Reproduce precisely the lines of the listing below, starting with the line that contains "(0 < gap lam nu i ->" and stopping after the line that contains "exact: sym_eigvec_ortho MH_sym"; include nothing else.

******

Theorem theorem5p9 (R : rcfType) (n : nat) (M H : 'M[R]_n)
    (lam nu : 'I_n -> R) (u v : 'I_n -> 'cV[R]_n) :
  M^T = M -> (M + H)^T = M + H ->
  (* lam is the spectrum of M, nu the spectrum of M + H (with multiplicity) *)
  char_poly M = \prod_(i < n) ('X - (lam i)%:P) ->
  char_poly (M + H) = \prod_(i < n) ('X - (nu i)%:P) ->
  (* |lam_1| > ... > |lam_n| and |nu_1| > ... > |nu_n| *)
  (forall i j : 'I_n, (i < j)%N -> `|lam j| < `|lam i|) ->
  (forall i j : 'I_n, (i < j)%N -> `|nu j| < `|nu i|) ->
  (* eigenvectors *)
  (forall i, u i != 0 /\ M *m u i = lam i *: u i) ->
  (forall i, v i != 0 /\ (M + H) *m v i = nu i *: v i) ->
  forall i : 'I_n,
    let eps := spectral_norm H in
    let lam1 := lam (Ordinal (leq_ltn_trans (leq0n i) (ltn_ord i))) in
    `|lam i ^+ 2 - nu i ^+ 2| <= eps * (eps + 2 * `|lam1|) /\
    (0 < gap lam nu i ->
       sin_angle (u i) (v i) <= eps * (eps + 2 * `|lam1|) / gap lam nu i).
Proof.
move=> M_sym MH_sym _ _ lam_dec nu_dec u_eig v_eig i eps lam1.
have H_sym : H^T = H by apply: (addrI M); rewrite -[in LHS]M_sym -MH_sym raddfD.
have [u_neq0 Mu] := all_and2 u_eig.
have [v_neq0 MHv] := all_and2 v_eig.
have u_ortho j k (jk : j != k) : dotv (u j) (u k) = 0.
  exact: sym_eigvec_ortho M_sym (Mu j) (Mu k) (abs_dec_inj lam_dec jk).
have v_ortho j k (jk : j != k) : dotv (v j) (v k) = 0.
  exact: sym_eigvec_ortho MH_sym (MHv j) (MHv k) (abs_dec_inj nu_dec jk).
have lam1_max j : `|lam j| <= `|lam1| by apply: (abs_dec_le lam_dec).
have M_norm : mxnorm_le M `|lam1| := eig_mxnorm_le u_neq0 u_ortho M_sym Mu lam1_max.
have c_ge0 : 0 <= eps * (eps + 2 * `|lam1|).
  by rewrite mulr_ge0 ?addr_ge0 ?mulr_ge0 ?spectral_norm_ge0.
have E_norm := mxnorm_le_sqrD (normr_ge0 lam1) (spectral_norm_ge0 H) M_norm
  (sym_mxnorm_le_spectral_norm H_sym).
have sqr_Mu j := mulmx_sqr_eig (Mu j).
have sqr_MHv j := mulmx_sqr_eig (MHv j).
split.
  exact: eig_perturb_le u_neq0 v_neq0 u_ortho v_ortho (trmx_sqr M_sym)
    (trmx_sqr MH_sym) sqr_Mu sqr_MHv c_ge0 E_norm i
    (sqr_dec_le lam_dec) (sqr_dec_le nu_dec).
move=> gap_gt0; apply: (sin_angle_eig_le u_neq0 v_neq0 v_ortho (trmx_sqr MH_sym)
  sqr_Mu sqr_MHv c_ge0 E_norm gap_gt0) => j ji.
exact: bigmin_le_cond.
Qed.
(* For every $n\ge 1$ and every Dyck path $D\in\mathcal{D}_n$, the poset $\psi(D)$ is isomorphic to $\Xi_{\mathrm{poset}}(\Lambda_{\mathrm{steep}}(D))$; that is, $\psi=\Xi_{\mathrm{poset}}\circ\Lambda_{\mathrm{steep}}$ as maps to unit interval posets up to isomorphism.
   Context: A Dyck path of size $n$ is a lattice path from $(0,0)$ to $(n,n)$ with steps $\uparrow=(0,1)$ and $\rightarrow=(1,0)$ staying weakly above $y=x$; $\mathcal{D}_n$ is their set. Its area vector $(a_1,\dots,a_n)$ has $a_i$ equal to the number of full unit squares lying between the path and the diagonal $y=x$ in the row $i-1\le y\le i$. A plane tree is either a single node, or a root joined to an ordered (left-to-right) sequence of plane trees whose roots are its children; $\mathcal{T}_n$ is the set of plane trees with $n$ non-root nodes; the depth $d(u)$ of a node is its distance to the root. For a finite $S=\{x_1<\dots<x_n\}\subset\mathbb{R}$, $\preceq_S$ is the partial order on $[n]$ with $i\prec_S j$ iff $x_i+1<x_j$. $\Xi_{\mathrm{steep}}$: for $T\in\mathcal{T}_n$, perform the clockwise contour walk around $T$ starting at the root (so subtrees are visited from right to left); append $\uparrow$ each time an edge is traversed for the first time and $\rightarrow$ each time it is traversed for the second time. This is a bijection $\mathcal{T}_n\to\mathcal{D}_n$; $\Lambda_{\mathrm{steep}}$ is its inverse. $\Xi_{\mathrm{poset}}$: for $T\in\mathcal{T}_n$ with maximal number of children $m$, for a non-root node $u$ let $c(u)=i$ if $u$ is the $i$-th child of its parent counted from right to left; with $u_0=\text{root},\dots,u_{d(u)}=u$ the root-to-$u$ path set $x_u=d(u)+\sum_{i=1}^{d(u)}c(u_i)(m+2)^{-i}$; with $S=\{x_u: u\text{ non-root}\}$, $\Xi_{\mathrm{poset}}(T)=([n],\preceq_S)$. $\psi$: for $D\in\mathcal{D}_n$ with area vector $(a_1,\dots,a_n)$, $\psi(D)$ is the poset on $[n]$ with $i\prec j$ iff either $a_i+2\le a_j$, or ($a_i+1=a_j$ and $i<j$). *)

From HB Require Import structures.
From mathcomp Require Import all_boot all_order all_algebra.
Unset Printing Implicit Defensive.
Import Order.TTheory GRing.Theory Num.Theory.

(* ---------- Dyck paths: words over bool, true = up step, false = right step *)

Definition is_dyck (n : nat) (D : seq bool) : bool :=
  [&& size D == 2 * n, count id D == n &
      all (fun i => count negb (take i D) <= count id (take i D))
          (iota 0 (size D).+1)].

Fixpoint up_xs (x : nat) (D : seq bool) : seq nat :=
  match D with
  | [::] => [::]
  | true :: D' => x :: up_xs x D'
  | false :: D' => up_xs x.+1 D'
  end.

(* area vector, 0-indexed: entry j is a_{j+1} = j - x_{j+1}, the number of
   full unit squares between the path and the diagonal in row j <= y <= j+1. *)
Definition area_vec (n : nat) (D : seq bool) : seq nat :=
  mkseq (fun j => j - nth 0 (up_xs 0 D) j) n.

Definition area (n : nat) (D : seq bool) (i : 'I_n) : nat :=
  nth 0 (area_vec n D) i.

Definition psi_lt (n : nat) (D : seq bool) (i j : 'I_n) : bool :=
  (area n D i + 2 <= area n D j) || ((area n D i + 1 == area n D j) && (i < j)).

Definition psi_le (n : nat) (D : seq bool) : rel 'I_n :=
  fun i j => (i == j) || psi_lt n D i j.

(* ---------- Plane trees: a node with an ordered (left-to-right) list of
   children. *)
Inductive ptree : Type := PNode of seq ptree.

(* number of non-root nodes *)
Fixpoint tsize (t : ptree) : nat :=
  match t with
  | PNode cs =>
      (fix go (cs : seq ptree) : nat :=
         match cs with [::] => 0 | c :: cs' => (tsize c).+1 + go cs' end) cs
  end.

Fixpoint maxdeg (t : ptree) : nat :=
  match t with
  | PNode cs =>
      maxn (size cs)
        ((fix go (cs : seq ptree) : nat :=
            match cs with [::] => 0 | c :: cs' => maxn (maxdeg c) (go cs') end) cs)
  end.
(* With the setup in the context, let $X\subseteq E\setminus B$, $\mathbf{M}\in A^X$, $\mathbf{w}\in D_{X,\mathbf{M}}$, $Y\subseteq E$ and $\mathbf{t}=\mathbf{w}_Y$. Then $\left|\{\mathbf{m}\in A^{E\setminus B}:\ \Omega_{\mathbf{t},Y,\mathbf{M}}(\mathbf{m})\neq\emptyset\}\right|=|A|^{\,n-k-|X|-\rho_X(Y)}.$
   Context: An almost affine code over a finite alphabet $A$ of length $n$ and dimension $k$ is a subset $C\subseteq A^n$ with $|C|=|A|^k$ such that for every $X\subseteq E=\{1,\dots,n\}$, $\log_{|A|}|C_X|$ is a nonnegative integer ($C_X$ = projection onto coordinates $X$); its associated matroid $M_C$ has rank function $r(X)=\log_{|A|}|C_X|$. Setup: $C$ is an almost affine code of length $n$ and dimension $k$ over $A$ with matroid rank function $r$; $B\subseteq E$ is a basis of $M_C$; $\varphi:A\times A\to A$ is such that for every $y\in A$ both $\varphi(y,\cdot)$ and $\varphi(\cdot,y)$ are bijections. For $\mathbf{m}\in A^{E\setminus B}$, $\Phi_{\mathbf{m}}(\mathbf{w})_i=\mathbf{w}_i$ for $i\in B$ and $=\varphi(\mathbf{w}_i,\mathbf{m}_i)$ for $i\in E\setminus B$, and $C_{\mathbf{m}}=\Phi_{\mathbf{m}}(C)$ (an almost affine code with the same matroid $M_C$; the $C_{\mathbf{m}}$ partition $A^E$). For $X\subseteq E\setminus B$, $\mathbf{M}\in A^X$: $D_{X,\mathbf{M}}=\bigcup_{\mathbf{m}_X=\mathbf{M}}C_{\mathbf{m}}$, an almost affine code with rank function $r_{D}(Y)=|Y\setminus(B\cup X)|+r(Y\cap(B\cup X))$, and $\rho_X(Y)=r_D(Y)-r(Y)$. For $\mathbf{t}\in A^Y$ and $\mathbf{m}\in A^{E\setminus B}$: $\Omega_{\mathbf{t},Y,\mathbf{M}}(\mathbf{m})=\emptyset$ if $\mathbf{m}_X\neq\mathbf{M}$, and $\Omega_{\mathbf{t},Y,\mathbf{M}}(\mathbf{m})=\{\mathbf{w}\in C_{\mathbf{m}}:\mathbf{w}_Y=\mathbf{t}\}$ otherwise. *)

From mathcomp Require Import all_boot.
Set Implicit Arguments. Unset Strict Implicit. Unset Printing Implicit Defensive.

Section AlmostAffine.
Variables (A : finType) (n : nat).

(* Words of length n over A: functions E = 'I_n -> A. *)
Definition word := {ffun 'I_n -> A}.

Definition restr (X : {set 'I_n}) (w : word) : {ffun 'I_n -> option A} :=
  [ffun i => if i \in X then Some (w i) else None].

Definition proj (C : {set word}) (X : {set 'I_n}) := restr X @: C.

Definition crank (C : {set word}) (X : {set 'I_n}) : nat :=
  trunc_log #|A| #|proj C X|.

Definition almost_affine (k : nat) (C : {set word}) : Prop :=
  #|C| = #|A| ^ k /\ forall X : {set 'I_n}, exists r : nat, #|proj C X| = #|A| ^ r.

Definition is_basis (C : {set word}) (B : {set 'I_n}) : Prop :=
  crank C B = #|B| /\ #|B| = crank C setT.

Definition quasigroup_op (phi : A -> A -> A) : Prop :=
  forall y : A, bijective (phi y) /\ bijective (phi^~ y).

Definition msg (B : {set 'I_n}) := {ffun {i : 'I_n | i \notin B} -> A}.
Definition xmsg (X : {set 'I_n}) := {ffun {i : 'I_n | i \in X} -> A}.

Definition Phi (B : {set 'I_n}) (phi : A -> A -> A) (m : msg B) (w : word) : word :=
  [ffun i => if (insub i : option {j : 'I_n | j \notin B}) is Some j
             then phi (w i) (m j) else w i].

******

Answer to the problem:
    (0 < gap lam nu i ->
       sin_angle (u i) (v i) <= eps * (eps + 2 * `|lam1|) / gap lam nu i).
Proof.
move=> M_sym MH_sym _ _ lam_dec nu_dec u_eig v_eig i eps lam1.
have H_sym : H^T = H by apply: (addrI M); rewrite -[in LHS]M_sym -MH_sym raddfD.
have [u_neq0 Mu] := all_and2 u_eig.
have [v_neq0 MHv] := all_and2 v_eig.
have u_ortho j k (jk : j != k) : dotv (u j) (u k) = 0.
  exact: sym_eigvec_ortho M_sym (Mu j) (Mu k) (abs_dec_inj lam_dec jk).
have v_ortho j k (jk : j != k) : dotv (v j) (v k) = 0.
  exact: sym_eigvec_ortho MH_sym (MHv j) (MHv k) (abs_dec_inj nu_dec jk).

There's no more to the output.